If you are an individual using the Subscription Services for your own purposes: (1) all references to “Customer” are to you and (2) you represent and warrant that you are at least 18 years of age, or have otherwise reached the age of “majority” where you reside, and that you have the right, power and authority to enter into this Agreement.
If you are using the Subscription Services on behalf of an entity or organization that you represent: (1) all references to “Customer” are to that entity or organization and (2) you represent and warrant that you are at least 18 years of age, or have otherwise reached the age of “majority” where you reside, and that you have the right, power and authority to enter into this Agreement on behalf of Customer.
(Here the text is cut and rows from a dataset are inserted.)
(* Let $\mathcal{B}$ be a prime Banach algebra over $\mathbb{R}$ or $\mathbb{C}$, and let $\mathcal{H}_1,\mathcal{H}_2$ be non-empty open subsets of $\mathcal{B}$. Suppose $\mathcal{B}$ admits a continuous generalized derivation $F$ associated with a derivation $d$ that is not injective, such that for every $(x,y)\in\mathcal{H}_1\times\mathcal{H}_2$ there exist positive integers $p=p(x,y)$, $q=q(x,y)$ with $$F(x^{p}\circ y^{q})+[x^{p},y^{q}]\in Z(\mathcal{B}).$$ Then $\mathcal{B}$ is commutative or $d(Z(\mathcal{B}))=\{0\}$.
   Context: $Z(\mathcal{B})$ denotes the center of $\mathcal{B}$. For $x,y\in\mathcal{B}$, $x\circ y=xy+yx$ and $[x,y]=xy-yx$. $\mathcal{B}$ is prime if $x\mathcal{B}y=\{0\}$ implies $x=0$ or $y=0$. A derivation is an additive map $d:\mathcal{B}\to\mathcal{B}$ with $d(xy)=d(x)y+xd(y)$ for all $x,y$. A generalized derivation associated with the derivation $d$ is an additive map $F:\mathcal{B}\to\mathcal{B}$ with $F(xy)=F(x)y+xd(y)$ for all $x,y\in\mathcal{B}$. *)

From HB Require Import structures.
From mathcomp Require Import all_boot all_order all_algebra.
From mathcomp Require Import all_classical all_reals all_analysis.
From mathcomp Require Import complex.
Set Implicit Arguments. Unset Strict Implicit. Unset Printing Implicit Defensive.
Import Order.TTheory GRing.Theory Num.Theory.
Import numFieldNormedType.Exports.
Local Open Scope ring_scope.
Local Open Scope classical_set_scope.

Definition scalar_field (R : realType) (b : bool) : numFieldType :=
  if b then (R : numFieldType) else (R[i] : numFieldType).

Section BanachAlg.
Variables (K : numFieldType) (B : normedModType K) (mul : B -> B -> B).

Definition banach_algebra_mul : Prop :=
  (forall x y z, mul x (mul y z) = mul (mul x y) z) /\
      (forall x y z, mul (x + y) z = mul x z + mul y z) /\
      (forall x y z, mul x (y + z) = mul x y + mul x z) /\
      (forall (k : K) x y, mul (k *: x) y = k *: mul x y) /\
      (forall (k : K) x y, mul x (k *: y) = k *: mul x y) /\
      (forall x y, `|mul x y| <= `|x| * `|y|).

Definition centerB : set B := [set z | forall x, mul z x = mul x z].

Definition jordan (x y : B) : B := mul x y + mul y x.
Definition lie (x y : B) : B := mul x y - mul y x.

Definition primeB : Prop :=
  forall x y, (forall b, mul x (mul b y) = 0) -> x = 0 \/ y = 0.

Definition additive_map (f : B -> B) : Prop := forall x y, f (x + y) = f x + f y.

Definition derivation (d : B -> B) : Prop :=
  additive_map d /\ forall x y, d (mul x y) = mul (d x) y + mul x (d y).

Definition gen_derivation (F d : B -> B) : Prop :=
  additive_map F /\ forall x y, F (mul x y) = mul (F x) y + mul x (d y).

(* x ^ p for p >= 1 (the algebra need not be unital); the value at p = 0 is
   irrelevant and never used *)
Definition powB (x : B) (p : nat) : B := iter p.-1 (mul x) x.

Definition commutativeB : Prop := forall x y, mul x y = mul y x.
End BanachAlg.

(* Suppose some central z has d z <> 0.  Continuity makes the additive map F
   real-linear, and open sets contain short segments, so x and y may be moved
   along lines x + t z, y + t z, y + t (y z) for all t in a small interval; a
   pigeonhole argument over the countably many exponent pairs fixes p, q for
   infinitely many t.  Expanding the powers gives polynomials in t that lie in
   the centre, a linear subspace, at infinitely many points, so their
   coefficients are central.  Comparing coefficients shows in turn that
   F(z^p y^q), F(z^m y) and finally (z^m d z) y are central for y in H2, using
   F(u z) = F(u) z + u d z.  In a prime algebra the central element z^m d z is
   a non-zero-divisor, so H2 lies in the centre; as H2 is open and nonempty,
   the centre is everything. *)

From HB Require Import structures.
From mathcomp Require Import all_boot all_order all_algebra.
From mathcomp Require Import all_classical all_reals all_analysis.
From mathcomp Require Import complex.
Import Order.TTheory GRing.Theory Num.Theory.
Import numFieldNormedType.Exports.
Local Open Scope ring_scope.
Local Open Scope classical_set_scope.
Set Implicit Arguments. Unset Strict Implicit. Unset Printing Implicit Defensive.

Section Subspace.
Variables (K : fieldType) (V : lmodType K).

Definition subspace (S : set V) : Prop :=
  [/\ S 0, forall u v, S u -> S v -> S (u + v) & forall k u, S u -> S (k *: u)].

Variables (S : set V) (Ssub : subspace S).

Lemma subspace0 : S 0. Proof. by case: Ssub. Qed.

Lemma subspaceD u v : S u -> S v -> S (u + v). Proof. by case: Ssub => _ SD _; apply: SD. Qed.

Lemma subspaceZ k u : S u -> S (k *: u). Proof. by case: Ssub => _ _; apply. Qed.

Lemma subspaceB u v : S u -> S v -> S (u - v).
Proof. by move=> Su Sv; rewrite -scaleN1r; apply/subspaceD/subspaceZ. Qed.

Lemma subspaceZV k u : k != 0 -> S (k *: u) -> S u.
Proof. by move=> k0 /(subspaceZ k^-1); rewrite scalerA mulVf // scale1r. Qed.

End Subspace.

Section PolynomialFunctions.
Variables (R K : fieldType) (io : {rmorphism R -> K}) (V : lmodType K).

(* [polyfun n f]: f s is a polynomial in [io s] with coefficients in V and
   fewer than n terms (degree < n, following MathComp's [size]). *)
Fixpoint polyfun (n : nat) (f : R -> V) : Prop :=
  if n is n'.+1 then exists a g, polyfun n' g /\ forall s, f s = a + io s *: g s
  else forall s, f s = 0.

Lemma polyfun0 n : polyfun n (fun _ => 0).
Proof.
elim: n => [|n IH] //=; exists 0, (fun _ => 0).
by split => // s; rewrite scaler0 addr0.
Qed.

Lemma polyfun_cst n a : polyfun n.+1 (fun _ => a).
Proof.
by exists a, (fun _ => 0); split; [exact: polyfun0 | move=> s; rewrite scaler0 addr0].
Qed.
Lemma lipschitz_form_dense_ext (f g : A -> Cplx) : lipschitz_form f -> lipschitz_form g ->
  (forall x, inA0 x -> f x = g x) -> forall xi, f xi = g xi.
Proof.
  intros [Kf [Kf0 Hf]] [Kg [Kg0 Hg]] Hfg xi.
  assert (Hle : forall a b r, r <= Kf * nrm (sub a b) \/ r <= Kg * nrm (sub a b) ->
    r <= (Kf + Kg) * nrm (sub a b)) by (intros a b r; pose proof (hnorm_ge0 (sub a b)); nra).
  apply Ceq; [apply (lipschitz_dense_ext (fun a => re (f a)) (fun a => re (g a)) (Kf + Kg))
             | apply (lipschitz_dense_ext (fun a => im (f a)) (fun a => im (g a)) (Kf + Kg))];
    solve [ lra | intros a b; apply Hle; (left + right); first [apply Hf | apply Hg]
          | intros x Hx; rewrite Hfg; auto ].
Qed.

Lemma lipschitz_inner_l (F : A -> A) (w : A) :
  bounded_additive F -> lipschitz_form (fun a => inner (F a) w).
Proof.
  intros [HF [K [K0 BF]]]. exists (K * nrm w). pose proof (hnorm_ge0 w). split; [nra |].
  intros a b. rewrite <- re_subl, <- im_subl, <- HF. pose proof (BF (sub a b)).
  split; [eapply Rle_trans; [apply cauchy_schwarz_re |] | eapply Rle_trans; [apply cauchy_schwarz_im |]];
    nra.
Qed.

Lemma lipschitz_inner_r (F : A -> A) (w : A) :
  bounded_additive F -> lipschitz_form (fun a => inner w (F a)).
Proof.
  intros [HF [K [K0 BF]]]. exists (K * nrm w). pose proof (hnorm_ge0 w). split; [nra |].
  intros a b. rewrite <- re_subr, <- im_subr, <- HF. pose proof (BF (sub a b)).
  split; [eapply Rle_trans; [apply cauchy_schwarz_re |] | eapply Rle_trans; [apply cauchy_schwarz_im |]];
    nra.
Qed.

Lemma bounded_additive_dense_ext (F G : A -> A) : bounded_additive F -> bounded_additive G ->
  (forall x, inA0 x -> F x = G x) -> forall xi, F xi = G xi.
Proof.
  intros HF HG Hfg xi.
  assert (Hw : forall w, inner (F xi) w = inner (G xi) w).
  { intro w. revert xi. apply lipschitz_form_dense_ext; try apply lipschitz_inner_l; auto.
    intros x Hx. rewrite Hfg; auto. }
  apply sub_eq0, inner_eq0. rewrite re_subl, Hw. ring.
Qed.

Lemma bounded_additive_id : bounded_additive (fun a => a).
Proof. split; [reflexivity |]. exists 1. split; [lra | intro; lra]. Qed.

Lemma bounded_additive_comp (F G : A -> A) :
  bounded_additive F -> bounded_additive G -> bounded_additive (fun a => G (F a)).
Proof.
  intros [HF [KF [KF0 BF]]] [HG [KG [KG0 BG]]]. split.
  - intros a b. rewrite HF, HG. reflexivity.
  - exists (KG * KF). split; [nra |]. intro a.
    eapply Rle_trans; [apply BG |]. pose proof (BF a). nra.
Qed.

Lemma bounded_additive_add (F G : A -> A) :
  bounded_additive F -> bounded_additive G -> bounded_additive (fun a => add (F a) (G a)).
Proof.
  intros [HF [KF [KF0 BF]]] [HG [KG [KG0 BG]]]. split.
  - intros a b. rewrite HF, HG. apply sub_add_add.
  - exists (KF + KG). split; [lra |]. intro a.
    eapply Rle_trans; [apply hnorm_triangle |]. pose proof (BF a); pose proof (BG a). lra.
Qed.

Lemma bounded_additive_scal (s : Cplx) : bounded_additive (scal s).
Proof.
  split; [apply scal_sub |]. exists (sqrt (re s * re s + im s * im s)).
  split; [apply sqrt_pos | intro a; rewrite hnorm_scal; lra].
Qed.

Lemma bounded_additive_star : bounded_additive (@star A).
Proof.
  split; [apply star_sub |]. exists 1. split; [lra | intro; rewrite hnorm_star; lra].
Qed.

Lemma mulr_sub_l (x a b : A) : inA0 x -> mulr (sub a b) x = sub (mulr a x) (mulr b x).
Proof. intro Hx. rewrite mulr_add_l, !opp_scal, mulr_scal_l; auto. Qed.

Lemma bounded_additive_mulr (x : A) : inA0 x -> bounded_additive (fun a => mulr a x).
Proof.
  intro Hx. split; [intros; apply mulr_sub_l, Hx |].
  destruct (mulr_bounded x Hx) as [c Hc]. exists (Rabs c). split; [apply Rabs_pos |].
  intro a. specialize (Hc a). change (nrm (mulr a x) <= c * nrm a) in Hc.
  pose proof (Rle_abs c). pose proof (hnorm_ge0 a). nra.
Qed.


Lemma mulr_add_r_ext (xi a b : A) : inA0 a -> inA0 b ->
  mulr xi (add a b) = add (mulr xi a) (mulr xi b).
Proof.
  intros Ha Hb. revert xi.
  apply (bounded_additive_dense_ext (fun xi => mulr xi (add a b))
           (fun xi => add (mulr xi a) (mulr xi b))).
  - apply bounded_additive_mulr, A0_add; auto.
  - apply bounded_additive_add; apply bounded_additive_mulr; auto.
  - intros x Hx. apply mulr_add_r; auto.
Qed.

Lemma mulr_scal_r_ext (s : Cplx) (xi a : A) : inA0 a -> mulr xi (scal s a) = scal s (mulr xi a).
Proof.
  intro Ha. revert xi.
  apply (bounded_additive_dense_ext (fun xi => mulr xi (scal s a)) (fun xi => scal s (mulr xi a))).
  - apply bounded_additive_mulr, A0_scal, Ha.
  - apply (bounded_additive_comp (fun xi => mulr xi a) (scal s));
      [apply bounded_additive_mulr, Ha | apply bounded_additive_scal].
  - intros x Hx. apply mulr_scal_r; auto.
Qed.

Lemma mulr_assoc_ext (xi x y : A) : inA0 x -> inA0 y -> mulr xi (mulr x y) = mulr (mulr xi x) y.
Proof.
  intros Hx Hy. revert xi.
  apply (bounded_additive_dense_ext (fun xi => mulr xi (mulr x y)) (fun xi => mulr (mulr xi x) y)).
  - apply bounded_additive_mulr, A0_mul; auto.
  - apply (bounded_additive_comp (fun xi => mulr xi x) (fun z => mulr z y));
      apply bounded_additive_mulr; auto.
  - intros z Hz. symmetry; apply mul_assoc; auto.
Qed.

Lemma mulr0r (xi : A) : mulr xi zero = zero.
Proof. rewrite <- (scal0 zero) at 1. rewrite mulr_scal_r_ext by apply A0_zero. apply scal0. Qed.

Lemma mulr_sub_r_ext (xi a b : A) : inA0 a -> inA0 b ->
  mulr xi (sub a b) = sub (mulr xi a) (mulr xi b).
Proof.
  intros Ha Hb. rewrite !opp_scal, mulr_add_r_ext, mulr_scal_r_ext; auto using A0_scal.
Qed.

Lemma inner_mulr_A0 (a b y : A) : inA0 a -> inA0 b -> inA0 y ->
  inner (mulr a y) b = inner a (mulr b (star y)).
Proof.
  intros Ha Hb Hy.
  rewrite HA_iii, star_mul, <- (star_star y) at 1 by auto using A0_mul.
  rewrite <- HA_ii, (HA_iii a), star_mul, star_star by auto using A0_mul, A0_star.
  reflexivity.
Qed.
(* For all (well-formed, possibly open) call-by-value $\lambda$-terms $t$ and $s$, $t \approx_{\mathrm{nf}} s$ if and only if there exists a natural number $n > \max(\mathrm{fv}(t)\cup\mathrm{fv}(s))$ such that $\langle t, [], n\rangle_{\mathrm{ev}} \approx \langle s, [], n\rangle_{\mathrm{ev}}$, where $\approx$ is machine bisimilarity for the call-by-value NFB machine.
   Context: Terms: $t,s ::= f \mid x \mid \lambda x.t \mid t\,s$ and values $v ::= f \mid \lambda x.t$, where $f$ ranges over free variables (identified with natural numbers) and $x$ over bound variables; terms are well formed (every $x$ bound); $\mathrm{fv}(t)$ is the set of free variables. Stacks: $\pi ::= [\mathrm{arg}\ t]::\pi \mid [\mathrm{fun}\ v]::\pi \mid []$. CK machine configurations $\langle t,\pi\rangle_{\mathrm{ev}}$, $\langle \pi, v\rangle_{\mathrm{cont}}$, transitions: $\langle t\,s, \pi\rangle_{\mathrm{ev}} \to \langle t, [\mathrm{arg}\ s]::\pi\rangle_{\mathrm{ev}}$; $\langle v,\pi\rangle_{\mathrm{ev}}\to\langle\pi,v\rangle_{\mathrm{cont}}$; $\langle [\mathrm{arg}\ t]::\pi, v\rangle_{\mathrm{cont}} \to \langle t, [\mathrm{fun}\ v]::\pi\rangle_{\mathrm{ev}}$; $\langle [\mathrm{fun}\ \lambda x.t]::\pi, v\rangle_{\mathrm{cont}}\to\langle t\{v/x\},\pi\rangle_{\mathrm{ev}}$; $\to^*$ is the reflexive transitive closure. Normal-form bisimulation: a symmetric relation $\mathcal R$ on CK configurations such that $C\mathcal RC'$ implies (1) if $C\to^*\langle [], v\rangle_{\mathrm{cont}}$ then there is $v'$ with $C'\to^*\langle[],v'\rangle_{\mathrm{cont}}$ and for all fresh $f$, $\langle[\mathrm{fun}\ v]::[], f\rangle_{\mathrm{cont}}\,\mathcal R\,\langle[\mathrm{fun}\ v']::[], f\rangle_{\mathrm{cont}}$; (2) if $C\to^*\langle[\mathrm{fun}\ f]::\pi, v\rangle_{\mathrm{cont}}$ then there are $\pi',v'$ with $C'\to^*\langle[\mathrm{fun}\ f]::\pi',v'\rangle_{\mathrm{cont}}$ and for all fresh $f'$, $\langle[\mathrm{fun}\ v]::[],f'\rangle_{\mathrm{cont}}\,\mathcal R\,\langle[\mathrm{fun}\ v']::[],f'\rangle_{\mathrm{cont}}$ and $\langle\pi,f'\rangle_{\mathrm{cont}}\,\mathcal R\,\langle\pi',f'\rangle_{\mathrm{cont}}$. $\approx_{\mathrm{nf}}$ is the largest normal-form bisimulation on configurations, extended to terms by $t\approx_{\mathrm{nf}}s$ iff $\langle t,[]\rangle_{\mathrm{ev}}\approx_{\mathrm{nf}}\langle s,[]\rangle_{\mathrm{ev}}$. Call-by-value NFB machine: configurations $\langle t,\pi,n\rangle_{\mathrm{ev}}$ and $\langle\pi,v,n\rangle_{\mathrm{cont}}$ ($n\in\mathbb N$), plus, for each $\pi$, $v$, $n$, an intermediate configuration $I(\pi,v,n)$. Transitions: $\langle t\,s,\pi,n\rangle_{\mathrm{ev}}\xrightarrow\tau\langle t,[\mathrm{arg}\ s]::\pi,n\rangle_{\mathrm{ev}}$; $\langle v,\pi,n\rangle_{\mathrm{ev}}\xrightarrow\tau\langle\pi,v,n\rangle_{\mathrm{cont}}$; $\langle[\mathrm{arg}\ t]::\pi,v,n\rangle_{\mathrm{cont}}\xrightarrow\tau\langle t,[\mathrm{fun}\ v]::\pi,n\rangle_{\mathrm{ev}}$; $\langle[\mathrm{fun}\ \lambda x.t]::\pi,v,n\rangle_{\mathrm{cont}}\xrightarrow\tau\langle t\{v/x\},\pi,n\rangle_{\mathrm{ev}}$; $\langle[],v,n\rangle_{\mathrm{cont}}\xrightarrow{\lambda}\langle[\mathrm{fun}\ v]::[],n,n+1\rangle_{\mathrm{cont}}$; $\langle[\mathrm{fun}\ f]::\pi,v,n\rangle_{\mathrm{cont}}\xrightarrow{f}I(\pi,v,n)$ (flag is the number $f$), and $I(\pi,v,n)\xrightarrow{\mathsf{val}}\langle[\mathrm{fun}\ v]::[],n,n+1\rangle_{\mathrm{cont}}$, $I(\pi,v,n)\xrightarrow{\mathsf{ctx}}\langle\pi,n,n+1\rangle_{\mathrm{cont}}$. Machine bisimulation: a symmetric relation $\mathcal R$ on configurations such that $C_1\mathcal RC_2$ implies, for every flag $F$: if $C_1\xrightarrow\tau^*\xrightarrow F C_1'$ then $C_2\xrightarrow\tau^*\xrightarrow FC_2'$ for some $C_2'$ with $C_1'\mathcal RC_2'$, and if $C_1\xrightarrow\tau^*\xrightarrow F$ by a terminating transition, then so does $C_2$. $\approx$ is the largest machine bisimulation. *)

(* Locally nameless representation of call-by-value lambda-terms:
   free variables f are natural numbers (TFree f), bound variables are
   de Bruijn indices (TBound i). *)
From Stdlib Require Import List Arith.
Import ListNotations.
This Agreement becomes binding and effective on Customer upon the earliest of: (1) when you access or use the Subscription Services, (2) when you click an “I Accept,” “Sign up” or similar button or checkbox referencing the Master Subscription Agreement, or (3) when you enter into an Order Form (as defined below) with DeepSource. Capitalized terms not otherwise defined in this Agreement will have the respective meanings assigned to them in Section 12 below.
1. Grant of Rights and Restrictions
1.1 Access and License: This Agreement sets forth the terms pursuant to which Customer may access and use the Subscription Services in connection with one or more Order Forms. Subject to the terms of the Agreement and the applicable Order Form, DeepSource grants to Customer solely for its internal business operations a non-exclusive, non-transferable (a) right to access and use the Cloud Service; (b) license to use the Command Line Interface solely as required to use the Subscription Services; (c) license to use the Software and Documentation; and (d) perpetual license to use the Generated Code. The Software and Command Line Interface may include open source software not owned by DeepSource. In each such case, Customer’s licensed rights to such open source software code are determined by the applicable third party license and not this Agreement. Customer is responsible for its Authorized Users compliance with the terms and conditions of the Agreement.
1.2 Customer Data: By submitting Customer Data to or in connection with the Cloud Service, Customer hereby grants to DeepSource the right, and is expressly instructing DeepSource, including its Affiliates and subcontractors, to process Customer Data for the limited purpose of providing the Cloud Service. Customer shall have sole responsibility for the accuracy, quality, integrity, legality, reliability, appropriateness, and intellectual property ownership or right to use the Customer Data. Customer shall ensure that it is entitled to transfer the relevant Customer Data to DeepSource so that DeepSource and its service providers may lawfully use, process, and transfer the Customer Data in accordance with this Agreement on Customer’s behalf.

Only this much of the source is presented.